In this paper a study is described where they record EEG potentials during an auditory AG learning experiment in two Rhesus macaques. The two monkeys were first exposed to sequences consistent with a AG, and then tested on sequences that were consistent, and sequences that were violating. 

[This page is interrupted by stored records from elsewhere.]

(* [s_invI] carries 1/|I| for the product rule mfe (q1 q2) = mfe q1 * mfe q2 / |I|. *)
Definition s_mfe : 'I_6 := @Ordinal 6 0 isT.
Definition s_invI : 'I_6 := @Ordinal 6 1 isT.
Definition s_hasH : 'I_6 := @Ordinal 6 2 isT.
Definition s_hasI : 'I_6 := @Ordinal 6 3 isT.
Definition s_sum : 'I_6 := @Ordinal 6 4 isT.
Definition s_max : 'I_6 := @Ordinal 6 5 isT.

Definition EMax (X : Type) (a b : expr R X) : expr R X := EIfLe a b b a.
Definition EOr (X : Type) (x y : X) : expr R X :=
  EAdd (EAdd (EVar x) (EVar y)) (EOpp (EMul (EVar x) (EVar y))).

Definition mfe_inp (Hv Iv : finType) (D : Hv + Iv -> finType) (W : {set Hv + Iv})
    (f : Asg D -> R) (j : 'I_6) : R :=
  match nat_of_ord j with
  | 0 => (mfe f)%:R
  | 1 => #|IAsg D|%:R^-1
  | 2 => (W :&: Hset Hv Iv != set0)%:R
  | 3 => (W :&: Iset Hv Iv != set0)%:R
  | _ => 0
  end.

Definition mfe_prod (j : 'I_6) : expr R ('I_6 + 'I_6) :=
  match nat_of_ord j with
  | 0 => EMul (EMul (EVar (inl s_mfe)) (EVar (inr s_mfe))) (EVar (inl s_invI))
  | 1 => EVar (inl s_invI)
  | 2 => EOr (inl s_hasH) (inr s_hasH)
  | 3 => EOr (inl s_hasI) (inr s_hasI)
  | _ => ECst 0
  end.

Definition mfe_sinit (j : 'I_6) : expr R void := ECst 0.

Definition mfe_sstep (j : 'I_6) : expr R ('I_6 + 'I_6) :=
  match nat_of_ord j with
  | 1 => EMax (EVar (inl s_invI)) (EVar (inr s_invI))
  | 2 => EMax (EVar (inl s_hasH)) (EVar (inr s_hasH))
  | 3 => EMax (EVar (inl s_hasI)) (EVar (inr s_hasI))
  | 4 => EAdd (EVar (inl s_sum)) (EVar (inr s_mfe))
  | 5 => EMax (EVar (inl s_max)) (EVar (inr s_mfe))
  | _ => ECst 0
  end.

Definition mfe_sfin (j : 'I_6) : expr R 'I_6 :=
  match nat_of_ord j with
  | 0 => EIfLe (ECst 1) (EAdd (EVar s_hasI) (EOpp (EVar s_hasH))) (EVar s_sum) (EVar s_max)
  | 1 => EVar s_invI
  | 2 => EVar s_hasH
  | 3 => EVar s_hasI
  | _ => ECst 0
  end.

Definition mfe_alg : algorithm R :=
  @Algorithm R 6 mfe_inp mfe_prod mfe_sinit mfe_sstep mfe_sfin (EVar s_mfe).

Lemma eeval_EMax (X : Type) (env : X -> R) a b :
  eeval env (EMax a b) = Num.max (eeval env a) (eeval env b).
Proof. by rewrite maxEle. Qed.

Lemma natr_orb (b1 b2 : bool) : b1%:R + b2%:R - b1%:R * b2%:R = (b1 || b2)%:R :> R.
Proof. by case: b1; case: b2; rewrite ?mulr0 ?mul0r ?mulr1 ?subr0 ?addr0 ?add0r ?addrK. Qed.

Lemma natr_sub_ge1 (b1 b2 : bool) : ((1 : R) <= b2%:R - b1%:R) = b2 && ~~ b1.
Proof.
case: b1; case: b2; rewrite /= ?subr0 ?subrr ?lexx ?ler10 //.
by apply/negbTE; rewrite -ltNge; lra.
Qed.

End Algorithm.

Section SumState.
Variables (R : realType) (Hv Iv : finType) (D : Hv + Iv -> finType).
Variables (acc : seq ('I_6 -> R)) (cs : seq nat).

Local Notation g c := (nth (@sdef R (mfe_alg R)) acc c).
Local Notation fold_max j := (foldl (fun a c => Num.max a (g c j)) 0 cs).
Local Notation s := (@node_state R (mfe_alg R) Hv Iv D acc (SumN D R cs)).

Lemma sum_state_slots :
  [/\ s s_mfe = if 1 <= s s_hasI - s s_hasH then foldl (fun a c => a + g c s_mfe) 0 cs
                else fold_max s_mfe,
      s s_invI = fold_max s_invI, s s_hasH = fold_max s_hasH & s s_hasI = fold_max s_hasI].
Proof.
pose step (s : 'I_6 -> R) c j := eeval (@pair_env R (mfe_alg R) s (g c)) (mfe_sstep R j).
have slot j F : (forall s c, step s c j = F (s j) (g c)) ->
    foldl step (fun _ => 0) cs j = foldl (fun x c => F x (g c)) 0 cs.
  by move=> FE; apply: (foldl_proj (pr := fun s => s j)).
have maxslot j j' : mfe_sstep R j = EMax (EVar (inl j)) (EVar (inr j')) ->
    foldl step (fun _ => 0) cs j = foldl (fun a c => Num.max a (g c j')) 0 cs.
  move=> sE; apply: (slot _ (fun x t => Num.max x (t j'))) => s' c.
  by rewrite /step sE eeval_EMax.
rewrite /= (slot s_sum (fun x t => x + t s_mfe)) // (maxslot s_max s_mfe) //.
by rewrite (maxslot s_invI s_invI) // (maxslot s_hasH s_hasH) // (maxslot s_hasI s_hasI).
Qed.

End SumState.

Section Correctness.
Variables (Hv Iv : finType) (D : Hv + Iv -> finType) (R : realType).
Variable C : circuit D R.
Hypotheses (C_wf : wf_circuit C) (C_smooth : smooth C) (C_dec : decomposable C).
Hypotheses (C_detH : deterministic (Hset Hv Iv) C) (C_detI : deterministic (Iset Hv Iv) C).

Local Notation nodeC k := (nth (ndef D R) C k).
Local Notation cardI := (#|IAsg D|%:R : R).
Local Notation state := ('I_6 -> R).
Local Notation nth_state acc k := (nth (@sdef R (mfe_alg R)) acc k).
Local Notation node_state acc n := (@node_state R (mfe_alg R) Hv Iv D acc n).

Definition state_inv k (s : state) : Prop :=
  [/\ s s_mfe = (mfe (pfun C k))%:R, 0 <= s s_invI <= cardI^-1,
      mfe (pfun C k) != 0%N -> s s_invI = cardI^-1,
      s s_hasH = (hasH C k)%:R & s s_hasI = (hasI C k)%:R].

Lemma state_inv_input acc k W f : (k < size C)%N -> nodeC k = Inp W f ->
  state_inv k (node_state acc (Inp W f)).
Proof.
move=> lt e; have := node_semE C_wf lt; rewrite e => -[pE vE].
by split; rewrite //= /hasH /hasI ?pE ?vE // lexx invr_ge0 ler0n.
Qed.

Lemma state_inv_prod acc k a b : (k < size C)%N -> nodeC k = ProdN D R a b ->
  state_inv a (nth_state acc a) -> state_inv b (nth_state acc b) ->
  state_inv k (node_state acc (ProdN D R a b)).
Proof.
move=> lt e [a_mfe a_inv a_invE a_H a_I] [b_mfe _ _ b_H b_I].
have prodE := mfe_prod_node C_wf C_dec lt e.
have := node_semE C_wf lt; rewrite e => -[_ vE].
have k_le := mfe_le_card (pfun C k).
have a_neq0 : mfe (pfun C k) != 0%N -> mfe (pfun C a) != 0%N.
  apply: contra_neq => a0; move/eqP: prodE; rewrite a0 mul0n muln_eq0.
  by case/orP => /eqP // I0; move: k_le; rewrite I0 leqn0 => /eqP.
split => /=; last 4 first.
- exact: a_inv.
- by move/a_neq0/a_invE.
- by rewrite a_H b_H natr_orb /hasH vE setIU_neq0.
- by rewrite a_I b_I natr_orb /hasI vE setIU_neq0.
have [a0|a0] := eqVneq (mfe (pfun C a)) 0%N.
  have k0 : mfe (pfun C k) = 0%N by apply/eqP/negPn/negP => /a_neq0; rewrite a0.
  by rewrite a_mfe b_mfe a0 k0 !mul0r.
have I_gt0 : (0 < #|IAsg D|)%N by apply: leq_trans (mfe_le_card (pfun C a)); rewrite lt0n.
by rewrite a_mfe b_mfe (a_invE a0) -natrM -prodE natrM mulfK // pnatr_eq0 -lt0n.
Qed.

Lemma state_inv_sum acc k cs : (k < size C)%N -> nodeC k = SumN D R cs ->
  {in cs, forall c, state_inv c (nth_state acc c)} ->
  state_inv k (node_state acc (SumN D R cs)).
Proof.
move=> lt e IHc; have := node_semE C_wf lt; rewrite e => -[_ vE].
have [mfeE invE HE IE] := @sum_state_slots R Hv Iv D acc cs.
have flagE (fl : nat -> bool) (j : 'I_6) :
    {in cs, forall c, nth_state acc c j = (fl c)%:R} ->
    foldl (fun a c => Num.max a (nth_state acc c j)) 0 cs = (has fl cs)%:R.
  by move=> flE; rewrite -[0]/(0%:R) (foldl_max_natr 0 flE) max0n bigmax_seq_bool.
have H_E : node_state acc (SumN D R cs) s_hasH = (hasH C k)%:R.
  by rewrite HE (flagE (hasH C)) => [|c /IHc[]]; rewrite // /hasH vE bigcupI_neq0.
have I_E : node_state acc (SumN D R cs) s_hasI = (hasI C k)%:R.
  by rewrite IE (flagE (hasI C)) => [|c /IHc[]]; rewrite // /hasI vE bigcupI_neq0.
have inv_le : {in cs, forall c, nth_state acc c s_invI <= cardI^-1} by move=> c /IHc[_ /andP[]].
split => //.
- have sumE : \sum_(c <- cs) nth_state acc c s_mfe = (\sum_(c <- cs) mfe (pfun C c))%:R.
    by rewrite natr_sum; apply: eq_big_seq => c /IHc[].
  rewrite mfeE H_E I_E natr_sub_ge1 (mfe_sum_node C_wf C_smooth C_detH C_detI lt e).
  rewrite foldl_addr add0r sumE -[0]/(0%:R) (foldl_max_natr (m := fun c => mfe (pfun C c)) 0).
    by rewrite max0n; case: ifP.
  by move=> c /IHc[].
- rewrite invE le_foldl_max /=; apply: foldl_max_le => //.
  by rewrite invr_ge0 ler0n.
- move=> /(mfe_sum_node_neq0 C_wf C_smooth C_detH C_detI lt e) /hasP[c cs_c c0].
  rewrite invE; apply/eqP; rewrite eq_le foldl_max_le ?invr_ge0 ?ler0n //=.
  have [_ _ c_inv _ _] := IHc c cs_c.
  by rewrite -(c_inv c0) foldl_max_ge.
Qed.

Lemma state_invariant k : (k < size C)%N ->
  state_inv k (nth_state (states (mfe_alg R) C) k).
Proof.
elim/ltn_ind: k => k IH lt; rewrite (nth_build _ _ (ndef D R) lt).
have IHc c : c \in children (nodeC k) ->
    state_inv c (nth_state (take k (states (mfe_alg R) C)) c).
  move=> cc; have ck := children_lt C_wf lt cc.
  by rewrite nth_take //; apply: IH ck (ltn_trans ck lt).
case e: (nodeC k) IHc => [W f|cs|a b] IHc.
- exact: state_inv_input lt e.
- by apply: state_inv_sum lt e _ => c; apply: IHc.
- by apply: state_inv_prod lt e _ _; apply: IHc; rewrite !inE eqxx ?orbT.
Qed.

End Correctness.

(** * Cost *)

Lemma size_le_edges (Hv Iv : finType) (D : Hv + Iv -> finType) (R : realType)
    (C : circuit D R) :
  wf_circuit C -> (size C <= (edges C).+1)%N.
Proof.
move=> [C_gt0 [_ rooted]]; rewrite -(prednK C_gt0) ltnS -/(croot C).
have -> : edges C = size (flatten (map (@children _ _ D R) C)).
  by rewrite size_flatten /shape -map_comp sumnE big_map.
rewrite -[X in (X <= _)%N](size_iota 0); apply: uniq_leq_size; first exact: iota_uniq.
move=> k; rewrite mem_iota add0n => /rooted[k' lt' kk']; apply/flattenP.
exists (nth [::] (map (@children _ _ D R) C) k'); first by rewrite mem_nth ?size_map.
by rewrite (nth_map (ndef D R)).
Qed.

Definition mfe_alg_size (R : realType) : nat :=
  (Defs.tsize (@a_prod R (mfe_alg R)) + Defs.tsize (@a_sinit R (mfe_alg R))
   + Defs.tsize (@a_sstep R (mfe_alg R)) + Defs.tsize (@a_sfin R (mfe_alg R)) + 1)%N.

Lemma node_cost_le (R : realType) (Hv Iv : finType) (D : Hv + Iv -> finType) (n : node D R) :
  (node_cost (mfe_alg R) n <= mfe_alg_size R * (size (children n)).+1)%N.
Proof. by rewrite /mfe_alg_size; case: n => [W f|cs|a b] /=; nia. Qed.

Lemma cost_le (R : realType) (Hv Iv : finType) (D : Hv + Iv -> finType) (C : circuit D R) :
  wf_circuit C -> (cost (mfe_alg R) C <= (2 * mfe_alg_size R + 1) * (edges C).+1)%N.
Proof.
move=> C_wf; have C_size := size_le_edges C_wf.
have nodes_le : (\sum_(n <- C) node_cost (mfe_alg R) n <= mfe_alg_size R * (edges C + size C))%N.
  rewrite /edges -(sum1_size C) -big_split big_distrr /=; apply: leq_sum => n _.
  by rewrite addn1 node_cost_le.
rewrite /cost /=; nia.
Qed.

Theorem theorem6 :
  forall R : realType,
  exists (A : algorithm R) (c0 : nat),
  forall (Hv Iv : finType) (D : Hv + Iv -> finType) (C : circuit D R),
    wf_circuit C ->
    smooth C ->
    decomposable C ->
    deterministic (Hset Hv Iv) C ->
    deterministic (Iset Hv Iv) C ->
    deterministic (Hset Hv Iv :|: Iset Hv Iv) C ->
    pvars C (croot C) = [set: Hv + Iv] ->
    run A C = (mfe_value C)%:R /\ (cost A C <= c0 * (edges C).+1)%N.
Proof.
move=> R; exists (mfe_alg R), (2 * mfe_alg_size R + 1)%N.
move=> Hv Iv D C C_wf C_smooth C_dec C_detH C_detI _ _; split; last exact: cost_le.
have root_lt : (croot C < size C)%N by rewrite /croot prednK //; case: C_wf.
by have [] := state_invariant C_wf C_smooth C_dec C_detH C_detI root_lt.
Qed.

**Results in the study:** 
The study shows that certain ERP components were modulated to a greater extent when there was a when the stimuli contained a violation then when it did not. It is claimed in the paper that this study, as well as a behaviroual study using eye-tracking cannot be explained by simple learning strategies.  
***


### Goal of replicating experiment:
**Quantitative goal:**
The goal here is to first and foremost show that the sequences can be learnd by a simple learning strategy, such as PARSER. A machine-learning approach to model evaluation is taken in this step. 
    The hypothesis is that the average PARSER model will be able to distingush between grammatical and violating strings at a level higher than chance. 

**Qualitative goal**
Another goal for this experiment is to show the relation between the ERPs in the study and where the model makes the choice of the string not being consistent. Showing that the model does react to the predicted violations in the stimuli. 

***

### Translating the experiment procedure in the paper:

**Stimuli:** 
Three string categories (Exposure, violating and consistent). All strings in the exposure and consistent sets were created using the artifcial grammar depicted in the image below. The violating set consisted of strings with illegal transitions. 

**Exposure:** 
Macaques were exposed to the exemplary AG sequences for 30 minutes. Presenting one intem consists of 3 pahses. A 500ms fixation, 2665ms sequence presentation and a > 4500 ms of inter trial interval. This results in a total of 7.6 seconds per trial, here we round this up to 8 seconds. 
Since there is 8 seconds per trial, exposure happens for 30 minutes, that gives us a total of (60/8)*30 = 225 items to train the model on. Every string is randomly selected from the set of exposure strings, string repititions are allowed.

**Evaluation:**
This experiment is looking for ERPs in regard to violating strings, they assume that they are "classified" as consistent in the event that there either a missing or a lowered ERP response. Therefore, in this scenario, a true positive is a string that has been correctly classified as a violating string. 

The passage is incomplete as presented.